VINTON CERF, VICE PRESIDENT AND CHIEF INTERNET EVANGELIST FOR GOOGLE


JAMES THURSTON | AAAS/CARLA SCHAFFER

"The implications of that are pretty immediate and amazing," Thurston said.

Companies are not developing technologies for persons with disabilities simply out of a desire to help. Clearly there are social responsibility reasons for providing such technologies, Thurston said, but "Microsoft looks at it as a business opportunity" as well. About 15 percent of the world -- approximately the population of China -- is dealing with some form of disability.

There is now a growing market for accessible technology, he noted. The aging Baby Boomer population and section 508, an amendment to the U.S. Rehabilitation Act that requires the government to develop or acquire only accessible technology, have increased market demand. The features that make products more accessible are now another area over which companies can compete, Thurston said.

And these technologies often have benefits that can be enjoyed by all users. Speech input and adjustable font sizes were two features developed to make computers more accessible to persons with disabilities, but they are now used by everyone.

No Universal Solutions

Despite its tremendous potential, using science and technology to better integrate persons with disabilities into the broader community is complex. "Everybody is not the same," Cerf noted. "The same solution does not work for everyone."

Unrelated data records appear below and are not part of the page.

(* If $T\in\mathcal{T}_3$ has $n\ge 4$ vertices and $t$ twigs then $\mu(T)<\frac{3n}{4}-\frac{2t}{5}$.
   Context: A leaf is a vertex of degree at most 1; an internal vertex has degree at least 2. $\mathcal{T}_3$ is the set of finite trees with at least one internal vertex in which every internal vertex has degree at least 3. A vertex $v$ is a twig if $d(v)\ge 2$ and at least $d(v)-1$ of its neighbours are leaves. A subtree is a nonempty vertex set inducing a connected subgraph; $\mu(T)$ is the average number of vertices over all subtrees of $T$. *)

From mathcomp Require Import all_boot all_order all_algebra.
Set Implicit Arguments. Unset Strict Implicit. Unset Printing Implicit Defensive.
Import Order.TTheory GRing.Theory Num.Theory.

Definition simple_graph (V : finType) (e : rel V) : Prop :=
  symmetric e /\ irreflexive e.

Definition deg (V : finType) (e : rel V) (v : V) : nat := #|[set u | e v u]|.

(* the subgraph induced by S is connected (S nonempty is asked separately) *)
Definition induced_connected (V : finType) (e : rel V) (S : {set V}) : bool :=
  [forall x in S, forall y in S,
     connect [rel a b | [&& e a b, a \in S & b \in S]] x y].

(* A tree: nonempty, connected, with exactly |V| - 1 edges
   (the ordered pairs (u,v) with e u v number 2(|V|-1)). *)
Definition is_tree (V : finType) (e : rel V) : Prop :=
  simple_graph e /\ 0 < #|V| /\ induced_connected e [set: V] /\
  #|[set p : V * V | e p.1 p.2]| = 2 * (#|V| - 1).

Definition leaf (V : finType) (e : rel V) (v : V) : bool := deg e v <= 1.
Definition internal (V : finType) (e : rel V) (v : V) : bool := 2 <= deg e v.

Definition in_T3 (V : finType) (e : rel V) : Prop :=
  is_tree e /\ (exists v, internal e v) /\
  (forall v, internal e v -> 3 <= deg e v).

Definition twig (V : finType) (e : rel V) (v : V) : bool :=
  (2 <= deg e v) && (deg e v - 1 <= #|[set u | e v u & leaf e u]|).

Definition num_twigs (V : finType) (e : rel V) : nat := #|[set v | twig e v]|.

Definition subtrees (V : finType) (e : rel V) : {set {set V}} :=
  [set S : {set V} | (S != set0) && induced_connected e S].

Definition mu (V : finType) (e : rel V) : rat :=
  (\sum_(S in subtrees e) #|S|)%:R / #|subtrees e|%:R.

(* Let N be the number of subtrees, c(v) the number of subtrees containing v
   and p(v) the number of leaf neighbours of v, so that the total order of
   all subtrees is the sum of the c(v).  A leaf x with neighbour u has
   2 c(x) = 2 + c(u), which turns twice the total order into
   2 L + sum over internal v of c(v) (p(v) + 2), L being the number of leaves.
   The claim 20 (total order) + 8 t N < 15 n N is then proved by giving each
   internal vertex v the budget 5 (1 + 2 p(v) + d(v)) N; these budgets add up
   to 5 (3 n - 2) N, and the remaining 10 N exceeds 20 L since N >= n + L > 2 L.
   As d(v) >= 3, a vertex that is not a twig stays within its budget because
   c(v) <= N.  A twig v that is not the centre of a star has one internal
   neighbour and p(v) = d(v) - 1 leaf neighbours; the subtrees through v are
   those avoiding its leaf neighbours with any set of them added, and removing
   v from the former yields further subtrees, so c(v) (2^p + 1) <= 2^p N, which
   is enough.  Stars are checked directly. *)

From mathcomp Require Import all_boot all_order all_algebra.
From mathcomp Require Import zify ring lra.
Import Order.TTheory GRing.Theory Num.Theory.
Set Implicit Arguments. Unset Strict Implicit. Unset Printing Implicit Defensive.

Lemma uniq_path_interior (T : eqType) (r : rel T) x p y :
  path r x p -> uniq (x :: p) -> y \in p -> y != last x p ->
  exists w z, [/\ r w y, r y z & w != z].
Proof.
move=> + + yp; case/splitPr: yp => p1 [|z p2]; first by rewrite last_cat /= eqxx.
rewrite cat_path => /andP[_ /andP[rwy /andP[ryz _]]] un _.
exists (last x p1), z; split=> //; apply/eqP => wz.
move: un; rewrite -(cat_cons x) cat_uniq -wz => /and3P[_ /hasPn/(_ (last x p1)) + _].
by rewrite !inE eqxx orbT -in_cons mem_last => /(_ isT).
Qed.

Lemma set1_neq_mem (T : finType) (S : {set T}) x :
  x \in S -> S != [set x] -> exists2 z, z \in S & z != x.
Proof.
move=> xS Sx; have /subsetPn[z zS] : ~~ (S \subset [set x]).
  by rewrite subset1 negb_or Sx -card_gt0 (cardD1 x) xS.
by rewrite in_set1; exists z.
Qed.

Lemma cardsU_disjoint (T : finType) (A B : {set T}) :
  [disjoint A & B] -> #|A :|: B| = #|A| + #|B|.
Proof. by move=> dAB; apply/eqP; rewrite (leq_card_setU A B).2. Qed.

Section InducedConnectivity.

Variables (V : finType) (e : rel V).
Hypothesis e_sym : symmetric e.

Definition induced (S : {set V}) : rel V := [rel a b | [&& e a b, a \in S & b \in S]].

Lemma induced_connectedP (S : {set V}) :
  reflect (forall a b, a \in S -> b \in S -> connect (induced S) a b)
          (induced_connected e S).
Proof.
apply: (iffP forall_inP) => [conn a b aS | conn a aS].
  by have /forall_inP := conn a aS; apply.
by apply/forall_inP => b; apply: conn.
Qed.

Lemma connect_induced_sub (S T : {set V}) a b :
  S \subset T -> connect (induced S) a b -> connect (induced T) a b.
Proof.
move=> sST; apply: connect_sub => x y /and3P[exy xS yS].
by apply: connect1; rewrite /induced /= exy !(subsetP sST).
Qed.

Lemma induced_connected_setU1 (S : {set V}) u x :
  induced_connected e S -> u \in S -> e u x -> induced_connected e (x |: S).
Proof.
move=> /induced_connectedP Sconn uS eux; apply/induced_connectedP.
have sub : S \subset x |: S by apply/subsetP => z zS; rewrite setU1r.
have link a : a \in x |: S -> connect (induced (x |: S)) a u /\ connect (induced (x |: S)) u a.
  case/setU1P => [->|aS]; last by split; apply: connect_induced_sub sub _; apply: Sconn.
  by split; apply: connect1; rewrite /induced /= ?(e_sym x) eux setU11 setU1r.
move=> a b /link[au _] /link[_ ub]; exact: connect_trans au ub.
Qed.

Lemma induced_connected_nbr (S : {set V}) x z :
  induced_connected e S -> x \in S -> z \in S -> z != x -> exists2 y, y \in S & e x y.
Proof.
move=> /induced_connectedP Sconn xS zS; have /connectP[[|y p] /=] := Sconn x z xS zS.
  by move=> _ ->; rewrite eqxx.
by case/andP=> /and3P[exy _ yS] _ _ _; exists y.
Qed.

Lemma induced_path_sub (S : {set V}) x p :
  path (induced S) x p -> {subset p <= S}.
Proof.
elim: p x => //= y p IHp x /andP[/and3P[_ _ yS] /IHp pS] z.
by rewrite inE => /predU1P[->|/pS].
Qed.

(* A shortest path between two vertices of [S :\: Y] cannot pass through a
   vertex of [Y]: its two path neighbours would be distinct neighbours in [S]. *)
Lemma induced_connected_setD (S Y : {set V}) :
  (forall y a b, y \in Y -> a \in S -> b \in S -> e y a -> e y b -> a = b) ->
  induced_connected e S -> induced_connected e (S :\: Y).
Proof.
move=> Yuniq /induced_connectedP Sconn; apply/induced_connectedP => a b.
rewrite !inE => /andP[aY aS] /andP[bY bS].
have /connectP[p p_path b_last] := Sconn a b aS bS.
move: b_last; case: (shortenP p_path) => q q_path q_uniq _ b_last {p p_path}.
have qS := induced_path_sub q_path.
have qY y : y \in q -> y \notin Y.
  move=> yq; apply: contraNN bY => yY; have [<-//|yb] := eqVneq y b.
  rewrite b_last in yb.
  have [w [z [/and3P[ewy wS _] /and3P[eyz _ zS] wz]]] := uniq_path_interior q_path q_uniq yq yb.
  by move: wz; rewrite (Yuniq y w z yY wS zS) ?eqxx // e_sym.
apply/connectP; exists q => //; apply: (sub_in_path (P := [predD S & Y])) q_path.
  by move=> x y /andP[xY xS] /andP[yY yS] /and3P[exy _ _]; rewrite /induced /= exy !inE xY xS yY yS.
by apply/allP => z; rewrite inE /= => /predU1P[->|zq]; rewrite ?aY ?aS ?qY ?qS.
Qed.

End InducedConnectivity.

Lemma leaf_nbr_uniq (V : finType) (e : rel V) x a b :
  leaf e x -> e x a -> e x b -> a = b.
Proof. by move=> /card_le1_eqP x_leaf xa xb; apply: x_leaf; rewrite inE. Qed.

Section Subtrees.

Variables (V : finType) (e : rel V).
Hypotheses (e_sym : symmetric e) (e_irr : irreflexive e).

Lemma subtrees_set1 x : [set x] \in subtrees e.
Proof.
rewrite inE -card_gt0 cards1 /=; apply/induced_connectedP => a b.
by rewrite !inE => /eqP-> /eqP->; apply: connect0.
Qed.

Lemma subtrees_setU1 (S : {set V}) u x :
  S \in subtrees e -> u \in S -> e u x -> x |: S \in subtrees e.
Proof.
rewrite !inE => /andP[_ Sconn] uS eux.
apply/andP; split; first by apply/set0Pn; exists x; rewrite setU11.
exact: induced_connected_setU1 Sconn uS eux.
Qed.

Lemma subtrees_setD (S Y : {set V}) z :
  (forall y a b, y \in Y -> a \in S -> b \in S -> e y a -> e y b -> a = b) ->
  S \in subtrees e -> z \in S -> z \notin Y -> S :\: Y \in subtrees e.
Proof.
move=> Yuniq; rewrite !inE => /andP[_ Sconn] zS zY.
apply/andP; split; first by apply/set0Pn; exists z; rewrite inE zY.
exact: induced_connected_setD Sconn.
Qed.

Definition subtrees_at (v : V) := [set S in subtrees e | v \in S].

Lemma subtrees_at_leaf_nbr x u S :
  leaf e x -> e x u -> S \in subtrees_at x -> S != [set x] -> u \in S.
Proof.
move=> x_leaf exu; rewrite !inE => /andP[/andP[_ Sconn] xS] Sx.
have [z zS zx] := set1_neq_mem xS Sx.
have [y yS exy] := induced_connected_nbr Sconn xS zS zx.
by rewrite -(leaf_nbr_uniq x_leaf exy exu).
Qed.

Lemma card_subtrees_at_leaf x u :
  leaf e x -> e x u -> 2 * #|subtrees_at x| = 2 + #|subtrees_at u|.
Proof.
move=> x_leaf exu; have ux : u != x by apply: contraTneq exu => ->; rewrite e_irr.
pose both := [set S in subtrees e | (x \in S) && (u \in S)].
pose only_u := [set S in subtrees e | (u \in S) && (x \notin S)].
have at_x : subtrees_at x = [set x] |: both.
  apply/setP => S; rewrite in_setU1; apply/idP/idP => [Sx|].
    have [//|neq] := eqVneq S [set x].
    move: (Sx); rewrite !inE => /andP[-> ->].
    by rewrite (subtrees_at_leaf_nbr x_leaf exu Sx neq).
  by case/predU1P=> [->|]; [rewrite inE subtrees_set1 set11 | rewrite !inE => /andP[-> /andP[]]].
have ux_notin : [set x] \notin both by rewrite !inE (negbTE ux) !andbF.
have at_u : #|subtrees_at u| = #|both| + #|only_u|.
  rewrite -(cardsID [set S : {set V} | x \in S]); congr (_ + _); apply: eq_card => S;
  by rewrite !inE; case: (x \in S); rewrite ?andbT ?andbF.
have add_x : both = [set x |: S | S in only_u].
  apply/setP => S; apply/idP/imsetP => [|[T]].
    rewrite inE => /andP[Ssub /andP[xS uS]]; exists (S :\ x); last by rewrite setD1K.
    rewrite inE in_setD1 ux uS setD11 !andbT; apply: subtrees_setD Ssub uS _.
      by move=> y a b; rewrite in_set1 => /eqP-> _ _; exact: leaf_nbr_uniq x_leaf.
    by rewrite in_set1.
  rewrite inE => /andP[Tsub /andP[uT _]] ->.
  by rewrite inE (subtrees_setU1 Tsub uT) ?setU11 ?setU1r // e_sym.
have only_u_both : #|only_u| = #|both|.
  rewrite add_x card_in_imset // => S T; rewrite !inE => /andP[_ /andP[_ xS]] /andP[_ /andP[_ xT]] STx.
  by rewrite -(setU1K xS) STx setU1K.
by rewrite at_x cardsU1 ux_notin at_u only_u_both; lia.
Qed.

Definition leaf_nbrs (v : V) := [set u | e v u & leaf e u].

Definition subtrees_at_avoid (v : V) (Y : {set V}) := [set S in subtrees_at v | [disjoint S & Y]].

Lemma in_subtrees_at_avoid v (Y : {set V}) S :
  (S \in subtrees_at_avoid v Y) = [&& S \in subtrees e, v \in S & [disjoint S & Y]].
Proof. by rewrite !inE andbA. Qed.

(* [S] is determined by the subtree [S :\: Y] and the subset [S :&: Y] of [Y]. *)
Lemma card_subtrees_at_le v (Y : {set V}) :
  (forall y, y \in Y -> leaf e y) -> v \notin Y ->
  #|subtrees_at v| <= #|subtrees_at_avoid v Y| * 2 ^ #|Y|.
Proof.
move=> Y_leaf vY; rewrite -card_powerset -cardsX.
have split_inj : {in subtrees_at v &, injective (fun S => (S :\: Y, S :&: Y))}.
  by move=> S T _ _ [SDY SIY]; rewrite -(setID S Y) -(setID T Y) SDY SIY.
rewrite -(card_in_imset split_inj); apply/subset_leq_card/subsetP => _ /imsetP[S + ->].
rewrite inE => /andP[Ssub vS]; rewrite in_setX /= powersetE subsetIr andbT inE.
rewrite [_ \in subtrees_at v]inE (subtrees_setD _ Ssub vS vY) ?in_setD ?vY ?vS.
  by rewrite disjoints_subset setDE subsetIr.
by move=> y a b /Y_leaf y_leaf _ _; apply: leaf_nbr_uniq.
Qed.

Lemma leaf_nbrsP v u : reflect (e v u /\ leaf e u) (u \in leaf_nbrs v).
Proof. by rewrite inE; apply: andP. Qed.

Lemma notin_leaf_nbrs v : v \notin leaf_nbrs v.
Proof. by rewrite inE e_irr. Qed.

Definition internal_nbrs (v : V) := [set u | e v u & ~~ leaf e u].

Technology developers also need to think more about how to integrate accessibility into applications early in the process, Cerf said. "To imagine that you can just overlay some accessibility pixie dust that makes a specific application work all right for a person with hearing impairment or a person with motor problems, I think, is overly optimistic," he said. "You really have to think 'how is this application going to be made usable for someone with a disability.'"

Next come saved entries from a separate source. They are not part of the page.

(* Let $P$ be the transition matrix of a reversible and ergodic Markov chain on $V=\{1,\dots,N\}$ with stationary distribution $\pi$, and consider any functional-router model for $P$ (any choice of routers $\sigma_v$, $v\in V$) with any initial configuration $\chi^{(0)}$. Then for every $w\in V$, every $T\ge 0$ and every $\gamma$ with $0<\gamma<1/2$, $$\left|\chi^{(T)}_w-\mu^{(T)}_w\right|\le \Psi_\sigma\,\frac{2(1-\gamma)}{1-2\gamma}\,\tau(\gamma)\,\frac{\pi_w}{\pi_{\min}}\,\Delta .$$
   Context: Let $V=\{1,\dots,N\}$ and let $P\in\mathbb{R}_{\ge 0}^{N\times N}$ be a stochastic matrix (entries may be irrational) that is ergodic (irreducible and aperiodic), with unique stationary distribution $\pi$; $\pi_{\min}=\min_{v}\pi_v$. $P$ is reversible if $\pi_uP_{u,v}=\pi_vP_{v,u}$ for all $u,v\in V$. For $v\in V$ let $\mathcal N(v)=\{u\in V: P_{v,u}>0\}$ (which contains $v$ if $P_{v,v}>0$), $\delta(v)=|\mathcal N(v)|$ and $\Delta=\max_v\delta(v)$. The total variation distance is $d_{TV}(\xi,\zeta)=\frac12\|\xi-\zeta\|_1$; the mixing time is $\tau(\varepsilon)=\max_{v\in V}\min\{t\in\mathbb{Z}_{\ge0}: d_{TV}(P^t_{v,\cdot},\pi)\le\varepsilon\}$, where $P^t_{v,\cdot}$ is row $v$ of $P^t$; the mixing rate is $t^*=\tau(1/4)$. A functional-router model consists of functions (routers) $\sigma_v:\mathbb{Z}_{\ge0}\to\mathcal N(v)$ for each $v\in V$. Write $I_{v,u}[z,z')=|\{j\in\{z,\dots,z'-1\}:\sigma_v(j)=u\}|$ (equal to $0$ if $z'\le z$). Given an initial configuration $\chi^{(0)}\in\mathbb{Z}_{\ge0}^N$ with $\sum_v\chi^{(0)}_v=M$, define recursively $Z^{(t)}_{v,u}=I_{v,u}\big[\sum_{s=0}^{t-1}\chi^{(s)}_v,\ \sum_{s=0}^{t}\chi^{(s)}_v\big)$ and $\chi^{(t+1)}_u=\sum_{v\in V}Z^{(t)}_{v,u}$. Let $\mu^{(0)}=\chi^{(0)}$ and $\mu^{(t)}=\mu^{(0)}P^t$ (row vector times matrix). Define $\Psi_\sigma=\sup_{v\in V,\,u\in\mathcal N(v),\,t\ge0}\big|Z^{(t)}_{v,u}-\chi^{(t)}_vP_{v,u}\big|$. *)

From Stdlib Require Import Reals Lra Lia Arith List.
Import ListNotations.
Open Scope R_scope.

(* V = {1..N} is represented by the indices 0..N-1 (nat); a matrix is nat -> nat -> R,
   only its entries with indices < N are meaningful. *)

Definition sumV (N : nat) (f : nat -> R) : R := fold_right Rplus 0 (map f (seq 0 N)).
Definition sumVn (N : nat) (f : nat -> nat) : nat := fold_right Nat.add 0%nat (map f (seq 0 N)).

Fixpoint Ppow (N : nat) (P : nat -> nat -> R) (t : nat) (u v : nat) : R :=
  match t with
  | O => if Nat.eqb u v then 1 else 0
  | S t' => sumV N (fun w => Ppow N P t' u w * P w v)
  end.

Definition stochastic (N : nat) (P : nat -> nat -> R) : Prop :=
  (forall u v, (u < N)%nat -> (v < N)%nat -> 0 <= P u v) /\
  (forall u, (u < N)%nat -> sumV N (fun v => P u v) = 1).

Definition irreducible (N : nat) (P : nat -> nat -> R) : Prop :=
  forall u v, (u < N)%nat -> (v < N)%nat -> exists t, 0 < Ppow N P t u v.

(* period of every state is 1: the gcd of {t >= 1 : P^t_{v,v} > 0} is 1 *)
Definition aperiodic (N : nat) (P : nat -> nat -> R) : Prop :=
  forall v, (v < N)%nat ->
    forall d : nat, (forall t, (1 <= t)%nat -> 0 < Ppow N P t v v -> Nat.divide d t) -> d = 1%nat.

Definition ergodic (N : nat) (P : nat -> nat -> R) : Prop :=
  irreducible N P /\ aperiodic N P.

Definition stationary (N : nat) (P : nat -> nat -> R) (pi : nat -> R) : Prop :=
  (forall v, (v < N)%nat -> 0 <= pi v) /\ sumV N pi = 1 /\
  (forall v, (v < N)%nat -> sumV N (fun u => pi u * P u v) = pi v).

Definition reversible (N : nat) (P : nat -> nat -> R) (pi : nat -> R) : Prop :=
  forall u v, (u < N)%nat -> (v < N)%nat -> pi u * P u v = pi v * P v u.

(* pi_min (N >= 1 assumed where used) *)
Definition pimin (N : nat) (pi : nat -> R) : R := fold_right Rmin (pi 0%nat) (map pi (seq 0 N)).

Definition posb (x : R) : bool := if Rlt_dec 0 x then true else false.
Definition degree (N : nat) (P : nat -> nat -> R) (v : nat) : nat :=
  length (filter (fun u => posb (P v u)) (seq 0 N)).
Definition maxdeg (N : nat) (P : nat -> nat -> R) : nat :=
  fold_right Nat.max 0%nat (map (degree N P) (seq 0 N)).

Definition dTV_row (N : nat) (P : nat -> nat -> R) (pi : nat -> R) (t v : nat) : R :=
  / 2 * sumV N (fun u => Rabs (Ppow N P t v u - pi u)).

Definition first_hit (N : nat) (P : nat -> nat -> R) (pi : nat -> R) (eps : R) (v t : nat) : Prop :=
  dTV_row N P pi t v <= eps /\ (forall s, (s < t)%nat -> eps < dTV_row N P pi s v).

(* is_tau ... eps T : T = tau(eps) = max_v min{t : d_TV(P^t_v, pi) <= eps} *)
Definition is_tau (N : nat) (P : nat -> nat -> R) (pi : nat -> R) (eps : R) (T : nat) : Prop :=
  (exists v, (v < N)%nat /\ first_hit N P pi eps v T) /\
  (forall v t, (v < N)%nat -> first_hit N P pi eps v t -> (t <= T)%nat).

Definition valid_routers (N : nat) (P : nat -> nat -> R) (sigma : nat -> nat -> nat) : Prop :=
  forall v j, (v < N)%nat -> (sigma v j < N)%nat /\ 0 < P v (sigma v j).

Definition Icount (sigma : nat -> nat -> nat) (v u z z' : nat) : nat :=
  length (filter (fun j => Nat.eqb (sigma v j) u) (seq z (z' - z))).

A web page, for instance, is visually oriented and navigating through one with a screen reader, while possible, can be awkward and frustrating if audible navigation wasn't considered during the site's design, he said.

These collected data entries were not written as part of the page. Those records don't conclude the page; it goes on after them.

(* There is a constant $c>0$ such that for every integer $\kappa\ge 1$ (large enough), every $\frac{\kappa+1}{\kappa}$-APLS for the minimum edge cover problem on graphs of odd-girth at least $2\kappa+1$ has proof size at least $c\log\kappa$; i.e., the proof size is $\Omega(\log\kappa)$.
   Context: All graphs are finite, connected and undirected, $G=(V,E)$, $n=|V|$, $N(v)$ is the set of neighbors of $v$; each node distinguishes its incident edges by port numbers $1,\dots,|N(v)|$. An input assignment $\mathsf{I}:V\to\{0,1\}^*$ and an output assignment $\mathsf{O}:V\to\{0,1\}^*$ give each node a local input and a local output. A configuration graph is a pair $\langle G,S\rangle$ with $S:V\to\{0,1\}^*$; an IO graph $\langle G,\mathsf I,\mathsf O\rangle$ (with $S(v)=\mathsf I(v)\cdot\mathsf O(v)$) is a configuration graph. Given a universe $\mathcal U$ of configuration graphs and disjoint families $\mathcal F_Y,\mathcal F_N\subseteq\mathcal U$, a gap proof labeling scheme (GPLS) consists of a prover which, given a configuration graph in $\mathcal F_Y$, assigns a label $L(v)\in\{0,1\}^*$ to every node, and a verifier which at each node $v$ receives only $\langle S(v),L(v),L^N(v)\rangle$, where $L^N(v)$ is the vector of labels of $v$'s neighbors (indexed by port), and outputs True or False; the verifier accepts if all nodes output True and rejects otherwise. The GPLS is correct if (i) for every configuration graph in $\mathcal F_Y$ the verifier accepts under the prover's labels, and (ii) for every configuration graph in $\mathcal F_N$ the verifier rejects under every label assignment; nothing is required for other configuration graphs. Its proof size is the maximum label length assigned by the prover over configuration graphs in $\mathcal F_Y$. A distributed graph optimization problem $\Psi=\langle\Pi,f\rangle$ consists of a set $\Pi$ of IO graphs and an integer-valued objective $f$ on $\Pi$; $\langle G,\mathsf I\rangle$ is legal if some $\mathsf O$ has $\langle G,\mathsf I,\mathsf O\rangle\in\Pi$ (a feasible solution); $OPT_\Psi(G,\mathsf I)$ is the infimum (minimization) or supremum (maximization) of $f$ over feasible solutions. For $\alpha\ge 1$, an $\alpha$-APLS for $\Psi$ is a GPLS over $\mathcal U=\{\langle G,\mathsf I,\mathsf O\rangle:\langle G,\mathsf I\rangle\text{ legal}\}$ with $\mathcal F_Y$ the IO graphs in $\Pi$ with $f=OPT_\Psi(G,\mathsf I)$, and $\mathcal F_N$ equal to $\mathcal U$ minus the IO graphs in $\Pi$ with $f\le\alpha\cdot OPT_\Psi(G,\mathsf I)$ (minimization) resp. $f\ge OPT_\Psi(G,\mathsf I)/\alpha$ (maximization). Restricting to a graph family means the universe contains only IO graphs whose underlying graph lies in the family. Minimum edge cover: the output assignment encodes a set $C\subseteq E$; it is feasible iff $C$ is an edge cover (every node is incident on an edge of $C$), and $f=|C|$ is minimized. The odd-girth of a graph is the length of its shortest odd cycle ($\infty$ if there is none). *)

From Stdlib Require Import Reals.
From mathcomp Require Import ssreflect ssrfun ssrbool eqtype ssrnat seq path
  choice fintype fingraph finset.


Definition bitstring := seq bool.

(* Port-numbered graphs.  Nodes are 'I_n; [pg_adj G v] lists the        *)
(* neighbours of v in port order: the neighbour at port i (1 <= i <=    *)
(* deg v) is [nth _ (pg_adj G v) (i-1)].                                *)
Record pgraph := PGraph {
  pg_n : nat;
  pg_adj : 'I_pg_n -> seq 'I_pg_n
}.

Definition node (G : pgraph) := 'I_(pg_n G).

Definition adjrel (G : pgraph) : rel (node G) := fun x y => y \in pg_adj G x.

Definition wf_graph (G : pgraph) : Prop :=
  [/\ 0 < pg_n G,
      forall v : node G, uniq (pg_adj G v),
      forall v : node G, v \notin pg_adj G v,
      forall u v : node G, adjrel G u v -> adjrel G v u &
      forall u v : node G, connect (adjrel G) u v].

Definition odd_girth_ge (G : pgraph) (m : nat) : Prop :=
  forall c : seq (node G),
    uniq c -> cycle (adjrel G) c -> 3 <= size c -> odd (size c) -> m <= size c.

Definition assignment (G : pgraph) := node G -> bitstring.

(* The verifier at v receives <S(v), L(v), L^N(v)>, where L^N(v) is the
   vector of neighbour labels indexed by port. It does not see n, the
   identity of v, or anything else. *)
Definition verifier := bitstring -> bitstring -> seq bitstring -> bool.

Definition prover := forall G : pgraph, assignment G -> assignment G.

Definition accepts (V : verifier) (G : pgraph) (S L : assignment G) : Prop :=
  forall v : node G, V (S v) (L v) (map L (pg_adj G v)).

Definition io_config (G : pgraph) (I O : assignment G) : assignment G :=
  fun v => I v ++ O v.

(* O(v) is a bit vector over v's ports: bit i-1 says whether the edge   *)
(* at port i belongs to C. O encodes an edge set iff every O(v) has     *)
(* length deg(v) and both endpoints of every edge agree.               *)
Definition ec_input (G : pgraph) : assignment G := fun _ => [::].

Definition marks (G : pgraph) (O : assignment G) (v u : node G) : bool :=
  nth false (O v) (index u (pg_adj G v)).

Definition encodes_edge_set (G : pgraph) (O : assignment G) : Prop :=
  (forall v : node G, size (O v) = size (pg_adj G v)) /\
  (forall u v : node G, adjrel G u v -> marks G O u v = marks G O v u).

Definition is_edge_cover (G : pgraph) (O : assignment G) : Prop :=
  forall v : node G, exists u : node G, adjrel G v u /\ marks G O v u.

Definition ec_feasible (G : pgraph) (O : assignment G) : Prop :=
  encodes_edge_set G O /\ is_edge_cover G O.

Definition ec_cost (G : pgraph) (O : assignment G) : nat :=
  #|[set p : node G * node G |
      [&& (val p.1 < val p.2)%N, adjrel G p.1 p.2 & marks G O p.1 p.2]]|.

Definition ec_legal (G : pgraph) : Prop := exists O : assignment G, ec_feasible G O.

Definition ec_optimal (G : pgraph) (O : assignment G) : Prop :=
  ec_feasible G O /\ forall O' : assignment G, ec_feasible G O' -> ec_cost G O <= ec_cost G O'.

(* O feasible with f(O) <= ((k+1)/k) * OPT(G), i.e. k * f(O) <= (k+1) * OPT *)
Definition ec_approx (k : nat) (G : pgraph) (O : assignment G) : Prop :=
  ec_feasible G O /\
  forall O' : assignment G, ec_feasible G O' -> k * ec_cost G O <= k.+1 * ec_cost G O'.

Definition ec_universe (k : nat) (G : pgraph) : Prop :=
  wf_graph G /\ odd_girth_ge G (2 * k + 1) /\ ec_legal G.

Definition ec_APLS (k : nat) (V : verifier) (P : prover) : Prop :=
  (forall (G : pgraph) (O : assignment G),
     ec_universe k G -> ec_optimal G O ->
     let S := io_config G (ec_input G) O in accepts V G S (P G S)) /\
  (forall (G : pgraph) (O : assignment G),
     ec_universe k G -> ~ ec_approx k G O ->
     forall L : assignment G, ~ accepts V G (io_config G (ec_input G) O) L).

(* "proof size >= x": the maximum label length assigned by the prover over
   the yes-instances is >= x, i.e. some yes-instance gets a label of
   length >= x. *)
Definition ec_proof_size_ge (k : nat) (P : prover) (x : R) : Prop :=
  exists (G : pgraph) (O : assignment G),
    ec_universe k G /\ ec_optimal G O /\
    exists v : node G,
      Rle x (INR (size (P G (io_config G (ec_input G) O) v))).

Cerf praised Microsoft and Apple for their efforts in this field and admitted that at Google, there was room for improvement. But he cited one effort at his company to train every new engineer in accessibility methods. "This is fundamentally critical to making information technology accessible to people who need help," he said.


ERIC MATHEWS | AAAS/CARLA SCHAFFER

More or improved technology isn't always the answer, however, noted another speaker, Eric Mathews, an advocacy associate at Disability Rights International. Mathews spoke about his organization's efforts to end segregation for persons with disabilities. "Institutions and segregated residential facilities are a violation of the human right to live and participate in the community," he said.

But too often, he noted, efforts to help the people in these segregated facilities consider only how technology can be added to those facilities, such as supplying computers to an orphanage. "It's meant to give these children a better life," he said, but companies, donors and nations need to think more about how to use technology to get people out of these institutions and back with their families or placed in family-based care in the community. We need "to think about the ways that science can challenge the need for institutional care," Mathews said.

But technology can only go so far. Cultural biases may be a huge barrier and even limit the availability of existing technology. "There's some cultures where people who need this assistance don't get it because it's culturally ignored," Cerf said. "This is a reason why the Convention on the Rights of Persons with Disabilities is so important."